*** Begin section ***

Definition treap_items (ps : seq (nat * nat * tree))
    (qs : seq ((nat * nat) * (nat * tree))) : Prop :=
  [/\ size qs = size ps,
      forall i, i < size ps -> (nth ((0, 0), (0, Leaf)) qs i).2 =
        ((nth (0, 0, Leaf) ps i).1.1, (nth (0, 0, Leaf) ps i).2)
    & forall i j, i < size ps -> j < size ps ->
        (nth (0, 0, Leaf) ps i).1.2 < (nth (0, 0, Leaf) ps j).1.2 ->
        lexlt (nth ((0, 0), (0, Leaf)) qs i).1 (nth ((0, 0), (0, Leaf)) qs j).1].

Lemma treap_items_rcons ps e qs :
  treap_items (rcons ps e) qs -> treap_items ps (take (size ps) qs).
Proof.
rewrite /treap_items size_rcons => -[Hs Hnth Hmono].
split; first by rewrite size_take Hs ltnSn.
- move=> i Hi; rewrite nth_take // Hnth ?nth_rcons ?Hi //; exact: ltnW.
- move=> i j Hi Hj; rewrite !nth_take // => Hd.
  by apply: Hmono; rewrite ?nth_rcons ?Hi ?Hj //; apply: ltnW.
Qed.

Lemma treap_items_behead e ps q qs :
  treap_items (e :: ps) (q :: qs) -> treap_items ps qs.
Proof.
case=> [[Hs] Hnth Hmono]; split => // [i Hi | i j Hi Hj Hd].
  exact: (Hnth i.+1).
exact: (Hmono i.+1 j.+1).
Qed.

Lemma argmin_treap_items ps qs i : treap_items ps qs -> i < size ps ->
  (forall j, j < size ps -> j != i ->
     (nth (0, 0, Leaf) ps i).1.2 < (nth (0, 0, Leaf) ps j).1.2) ->
  argmin_idx (map fst qs) = i.
Proof.
case=> Hs _ Hmono Hi Hshallow.
apply: argmin_idx_strict_min; rewrite size_map Hs // => j Hj Hji.
rewrite !(nth_map ((0, 0), (0, Leaf))) ?Hs //.
exact/Hmono/Hshallow.
Qed.

Lemma build_collect T x d f qs :
  size (collect T x d).2 <= f -> treap_items (collect T x d).2 qs ->
  build f (collect T x d).1 qs = T.
Proof.
elim: T x d f qs => [|l IHl k r IHr] x d f qs.
  by move=> _ [/= /size0nil -> _ _]; rewrite build_nil.
rewrite /=; case: ifP => Hxk.
  case: f => [//|f] _ [Hs Hnth _].
  case: qs Hs Hnth => [//|q [|//]] _ Hnth /=.
  by have := Hnth 0 isT => /= ->; rewrite !build_nil.
case: f => [|f]; first by case: ifP; rewrite /= ?size_rcons.
case: ifP => Hxl /=; set c := collect _ x d.+1.
- rewrite size_rcons ltnS => Hf Hitems.
  have [Hs Hnth _] := Hitems; rewrite size_rcons in Hs Hnth.
  have Hroot : argmin_idx (map fst qs) = size c.2.
    apply: argmin_treap_items Hitems _ _; rewrite size_rcons // => j Hj Hji.
    have Hj' : j < size c.2 by rewrite ltn_neqAle Hji -ltnS.
    rewrite !nth_rcons ltnn eqxx Hj' /=.
    by have /collect_depth := In_nth (0, 0, Leaf) Hj'; lia.
  case: qs Hs Hnth Hitems Hroot => [//|q qs] Hs Hnth Hitems Hroot.
  rewrite Hroot.
  have := Hnth (size c.2) (ltnSn _); rewrite nth_rcons ltnn eqxx => -> /=.
  rewrite drop_oversize ?build_nil ?IHl //; last by case: Hs => ->.
  exact: treap_items_rcons Hitems.
- move=> /= Hf Hitems.
  have Hroot : argmin_idx (map fst qs) = 0.
    apply: argmin_treap_items Hitems _ _ => // -[//|j] /= Hj _.
    by have /collect_depth := In_nth (0, 0, Leaf) Hj; lia.
  have [Hs Hnth _] := Hitems.
  case: qs Hs Hnth Hitems Hroot => [//|q qs] Hs Hnth Hitems Hroot.
  rewrite Hroot.
  have := Hnth 0 isT => /= -> /=.
  rewrite build_nil drop0 IHr //; exact: treap_items_behead Hitems.
Qed.

(** * Search paths *)

(* Like [collect], but keeping the whole subtree rooted at each path key. *)
Fixpoint search_path (T : tree) (x d : nat) : seq ((nat * nat) * tree) :=
  match T with
  | Leaf => [::]
  | Node l k r =>
      if x == k then [:: ((k, d), T)]
      else if x < k then rcons (search_path l x d.+1) ((k, d), T)
      else ((k, d), T) :: search_path r x d.+1
  end.

Definition path_keys T x d := map (fun e => e.1.1) (search_path T x d).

*** End section ***

● TASK DETAILS
Referring to the material above, set down exactly the lines between the line with "rewrite /treap_items size_rcons" and the line with "- move=> i j", inclusive, and no other lines.

● ANSWER
rewrite /treap_items size_rcons => -[Hs Hnth Hmono].
split; first by rewrite size_take Hs ltnSn.
- move=> i Hi; rewrite nth_take // Hnth ?nth_rcons ?Hi //; exact: ltnW.
- move=> i j Hi Hj; rewrite !nth_take // => Hd.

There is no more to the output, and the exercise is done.